**Problem:** All that should be output is the block of lines below from the line with "this is at most" to the line with "rewrite !ffunE; exact: addIr.", both included, exactly as written.

**Items from a dataset:**
——
(* Phi_{m -> n}: a uniformly random sequence of n distinct indices of [m],
   i.e. a uniformly random injection 'I_n -> 'I_m.  For a deterministic
   f : X^n -> {0,1}, phi_compose f S = E[(f o Phi_{m->n})(S)] = Pr[f'(S) = 1]. *)
Definition phi_compose (n m : nat) (f : n.-tuple X -> bool) (S : m.-tuple X) : R :=
  (#|[set s : {ffun 'I_n -> 'I_m} | injectiveb s]|%:R)^-1 *
  \sum_(s : {ffun 'I_n -> 'I_m} | injectiveb s)
     (f [tuple tnth S (s i) | i < n] : nat)%:R.

Definition n_added (eta : R) (m : nat) : nat := Num.truncn (eta * m%:R).
Definition n_clean (eta : R) (m : nat) : nat := `|Num.ceil ((1 - eta) * m%:R)|%N.

Definition add_pts (eta : R) (m : nat) (S : seq X) : set (m.-tuple X) :=
  [set S' | exists T : seq X, size T = n_added eta m /\ perm_eq S' (S ++ T)].

Definition complete (m : nat) (S : seq X) : set (m.-tuple X) :=
  [set S' | exists T : seq X, size T = (m - size S)%N /\ perm_eq S' (S ++ T)].

(* A randomized g : X^m -> {0,1} is represented by gE S = E[g(S)] in [0,1]. *)
Definition AdaptiveAddMax (eta : R) (m : nat) (gE : m.-tuple X -> R) (p : X -> R)
  : \bar R :=
  expect_iid p (fun S : (n_clean eta m).-tuple X =>
    ereal_sup [set (gE S')%:E | S' in @add_pts eta m S]).

Definition BinomialMax (eta : R) (m : nat) (gE : m.-tuple X -> R) (p : X -> R)
  : \bar R :=
  (\sum_(z < m.+1)
     (('C(m, z))%:R * (1 - eta) ^+ z * eta ^+ (m - z))%:E *
     expect_iid p (fun S : z.-tuple X =>
       ereal_sup [set (gE S')%:E | S' in @complete m S]))%E.

End Defs.

From HB Require Import structures.
From mathcomp Require Import all_boot all_order all_algebra.
From mathcomp Require Import all_classical all_reals all_analysis.
From mathcomp Require Import perm ring lra zify.
Set Implicit Arguments. Unset Strict Implicit. Unset Printing Implicit Defensive.
Import Order.TTheory GRing.Theory Num.Theory.

(* Write V(z) for the expectation, over S ~ D^z, of the supremum of g = f o Phi_{m->n} over
   all completions of S to m points.  Adding floor(eta m) points to a ceil((1 - eta) m)-sample
   is completing it, so AdaptiveAddMax = V(k) with k = ceil((1 - eta) m), while BinomialMax is
   the average of V(z) over z ~ Bin(m, 1 - eta).  The function g is symmetric, and changing d of
   its m inputs moves it by at most n d / m, because a uniformly random injection of n indices
   meets a fixed set of d indices with probability at most n d / m.  Hence V is (n/m)-Lipschitz
   and the gap is at most (n/m) E|k - z|.  Since |k - (1 - eta) m| <= 1 and Var z <= m / 4,
   this is at most eps once m >= 2 n^2 / eps^2. *)

Definition ninj (n m : nat) : nat :=
  (\sum_(s : {ffun 'I_n -> 'I_m} | injectiveb s) 1)%N.

Lemma sum_ord_ltn m d : (d <= m)%N -> (\sum_(k < m) (k < d))%N = d.
Proof.
move=> le_dm; rewrite -(big_mkord xpredT (fun k => nat_of_bool (k < d)%N)).
rewrite (big_cat_nat (n := d)) //= big_nat_cond (eq_bigr (fun _ => 1%N)); last first.
  by move=> i /andP[/andP[_ ->]].
rewrite -big_nat_cond sum_nat_const_nat muln1 subn0 big_nat_cond big1 ?addn0 //.
by move=> i /andP[/andP[/leq_gtF -> _]].
Qed.

(* Translating an injection by k in Z/mZ is a bijection on injections; averaging over
   the m translations, each injection sends i below d exactly d times. *)
Lemma muln_sum_inj_ltn n m (i : 'I_n) d : (d <= m)%N ->
  (m * \sum_(s : {ffun 'I_n -> 'I_m} | injectiveb s) (s i < d))%N = (d * ninj n m)%N.
Proof.
case: m => [|m] le_dm; first by move: le_dm; rewrite leqn0 => /eqP ->.
pose shift (k : 'I_m.+1) (s : {ffun 'I_n -> 'I_m.+1}) := [ffun x => (s x + k)%R].
have shift_inj k : injective (shift k).
  move=> s1 s2 /ffunP e; apply/ffunP => x; move: (e x); rewrite !ffunE; exact: addIr.
have injectiveb_shift k s : injectiveb (shift k s) = injectiveb s.
  apply/injectiveP/injectiveP => s_inj x y e; first by apply: s_inj; rewrite !ffunE e.
  by move: e; rewrite !ffunE => /(addIr k) /s_inj.
have sum_shift (k : 'I_m.+1) :
    (\sum_(s : {ffun 'I_n -> 'I_m.+1} | injectiveb s) (s i < d))%N =
    (\sum_(s : {ffun 'I_n -> 'I_m.+1} | injectiveb s) ((s i + k)%R < d))%N.
  rewrite (reindex_inj (shift_inj k)) /=.
  by apply: eq_big => s; [exact: injectiveb_shift | rewrite ffunE].
rewrite -[X in (X * _)%N]card_ord -sum_nat_const (eq_bigr _ (fun k _ => sum_shift k)).
rewrite exchange_big /ninj big_distrr /=; apply: eq_bigr => s _.
rewrite muln1 -[RHS](sum_ord_ltn le_dm) [RHS](reindex_inj (addrI (s i))).
exact: eq_bigl.
Qed.

Local Open Scope classical_set_scope.
Local Open Scope ring_scope.

Section PhiCompose.
Variables (R : realType) (X : countType) (n m : nat) (f : n.-tuple X -> bool).
Local Notation g := (@phi_compose R X n m f).

Definition phi_count (A : m.-tuple X) : nat :=
  \sum_(s : {ffun 'I_n -> 'I_m} | injectiveb s) (f [tuple tnth A (s i) | i < n] : nat).

Lemma phi_composeE A : g A = (ninj n m)%:R^-1 * (phi_count A)%:R.
Proof.
have card_inj : #|[set s : {ffun 'I_n -> 'I_m} | injectiveb s]%classic| = ninj n m.
  by rewrite /ninj -sum1_card; apply: eq_bigl => s; apply/idP/idP; rewrite in_setE.
by rewrite /phi_compose /phi_count card_inj !natr_sum.
Qed.

Lemma phi_count_le A : (phi_count A <= ninj n m)%N.
Proof. by apply: leq_sum => s _; case: f. Qed.

Lemma phi_compose_ge0 A : 0 <= g A.
Proof. by rewrite phi_composeE mulr_ge0 // invr_ge0. Qed.

Lemma phi_compose_le1 A : g A <= 1.
Proof.
rewrite phi_composeE; have [->|N0] := eqVneq (ninj n m) 0%N; first by rewrite invr0 mul0r.
by rewrite ler_pdivrMl ?ltr0n ?lt0n // mulr1 ler_nat phi_count_le.
Qed.

Lemma phi_count_perm (A B : m.-tuple X) : perm_eq A B -> phi_count A = phi_count B.
Proof.
case/tuple_permP => sg eA; have {}eA : A = [tuple tnth B (sg i) | i < m] by exact: val_inj.
pose h (s : {ffun 'I_n -> 'I_m}) := [ffun i => sg (s i)].
have h_inj : injective h.
  by move=> s1 s2 /ffunP e; apply/ffunP => x; move: (e x); rewrite !ffunE => /perm_inj.
rewrite /phi_count [RHS](reindex_inj h_inj); apply: eq_big => s.
  apply/injectiveP/injectiveP => s_inj x y e.
    by move: e; rewrite !ffunE => /perm_inj /s_inj.
  by apply: s_inj; rewrite !ffunE e.
move=> _; congr (nat_of_bool (f _)); apply: eq_from_tnth => i.
by rewrite eA !tnth_map !tnth_ord_tuple ffunE.
Qed.

Lemma phi_compose_perm (A B : m.-tuple X) : perm_eq A B -> g A = g B.
Proof. by move=> /phi_count_perm e; rewrite !phi_composeE e. Qed.

(* Union bound: an injection that avoids the first d indices reads the same entries of A and
   B, and by muln_sum_inj_ltn each of the n coordinates hits them for a fraction d/m. *)
Lemma phi_count_prefix (A B : m.-tuple X) d : (d <= m)%N ->
  (forall i : 'I_m, (d <= i)%N -> tnth A i = tnth B i) ->
  (m * phi_count A <= m * phi_count B + n * (d * ninj n m))%N.
Proof.
move=> le_dm eqAB.
have hits : (phi_count A <= phi_count B + \sum_(s : {ffun 'I_n -> 'I_m} | injectiveb s)
                 \sum_(i < n) (s i < d))%N.
  rewrite /phi_count -big_split /=; apply: leq_sum => s _.
  have [/existsP[i0 hi0]|] := boolP [exists i, (s i < d)%N].
    rewrite (bigD1 i0) //= hi0.
    by case: (f _) => //; case: (f _) => //=; rewrite addnC ltnS ?leq_addl.
  rewrite negb_exists => /forallP avoid.
  suff -> : [tuple tnth A (s i) | i < n] = [tuple tnth B (s i) | i < n] by rewrite leq_addr.
  apply: eq_from_tnth => i; rewrite !tnth_map !tnth_ord_tuple.
  by apply: eqAB; rewrite leqNgt avoid.
rewrite exchange_big /= in hits.
have <- : (m * \sum_(i < n)
    \sum_(s : {ffun 'I_n -> 'I_m} | injectiveb s) (s i < d) = n * (d * ninj n m))%N.
  rewrite big_distrr /= (eq_bigr (fun _ => d * ninj n m)%N) => [|i _].
    by rewrite sum_nat_const card_ord.
  exact: muln_sum_inj_ltn.
by rewrite -mulnDr leq_mul2l hits orbT.
Qed.

Lemma phi_compose_prefix (A B : m.-tuple X) d : (d <= m)%N ->
  (forall i : 'I_m, (d <= i)%N -> tnth A i = tnth B i) ->
  g A <= g B + n%:R / m%:R * d%:R.
Proof.
move=> le_dm eqAB; have count_le := phi_count_prefix le_dm eqAB.
have [d0|d_gt0] := posnP d.
  suff -> : A = B by rewrite d0 mulr0 addr0.
  by apply: eq_from_tnth => i; apply: eqAB; rewrite d0.
have m_gt0 : (0 : R) < m%:R by rewrite ltr0n (leq_trans d_gt0).
rewrite !phi_composeE; have [->|N0] := eqVneq (ninj n m) 0%N.
  by rewrite invr0 !mul0r add0r mulr_ge0 // divr_ge0.
have N_gt0 : (0 : R) < (ninj n m)%:R by rewrite ltr0n lt0n.
rewrite -(ler_pM2l N_gt0) mulrDr !mulrA mulfV ?gt_eqF // !mul1r.
rewrite -(ler_pM2l m_gt0) mulrDr.
have -> : m%:R * ((ninj n m)%:R * n%:R / m%:R * d%:R) =
          n%:R * (d%:R * (ninj n m)%:R) :> R by field; rewrite gt_eqF.
by rewrite -!natrM -natrD ler_nat.
Qed.

End PhiCompose.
——
**Answer for this exercise:**
   this is at most eps once m >= 2 n^2 / eps^2. *)

Definition ninj (n m : nat) : nat :=
  (\sum_(s : {ffun 'I_n -> 'I_m} | injectiveb s) 1)%N.

Lemma sum_ord_ltn m d : (d <= m)%N -> (\sum_(k < m) (k < d))%N = d.
Proof.
move=> le_dm; rewrite -(big_mkord xpredT (fun k => nat_of_bool (k < d)%N)).
rewrite (big_cat_nat (n := d)) //= big_nat_cond (eq_bigr (fun _ => 1%N)); last first.
  by move=> i /andP[/andP[_ ->]].
rewrite -big_nat_cond sum_nat_const_nat muln1 subn0 big_nat_cond big1 ?addn0 //.
by move=> i /andP[/andP[/leq_gtF -> _]].
Qed.

(* Translating an injection by k in Z/mZ is a bijection on injections; averaging over
   the m translations, each injection sends i below d exactly d times. *)
Lemma muln_sum_inj_ltn n m (i : 'I_n) d : (d <= m)%N ->
  (m * \sum_(s : {ffun 'I_n -> 'I_m} | injectiveb s) (s i < d))%N = (d * ninj n m)%N.
Proof.
case: m => [|m] le_dm; first by move: le_dm; rewrite leqn0 => /eqP ->.
pose shift (k : 'I_m.+1) (s : {ffun 'I_n -> 'I_m.+1}) := [ffun x => (s x + k)%R].
have shift_inj k : injective (shift k).
  move=> s1 s2 /ffunP e; apply/ffunP => x; move: (e x); rewrite !ffunE; exact: addIr.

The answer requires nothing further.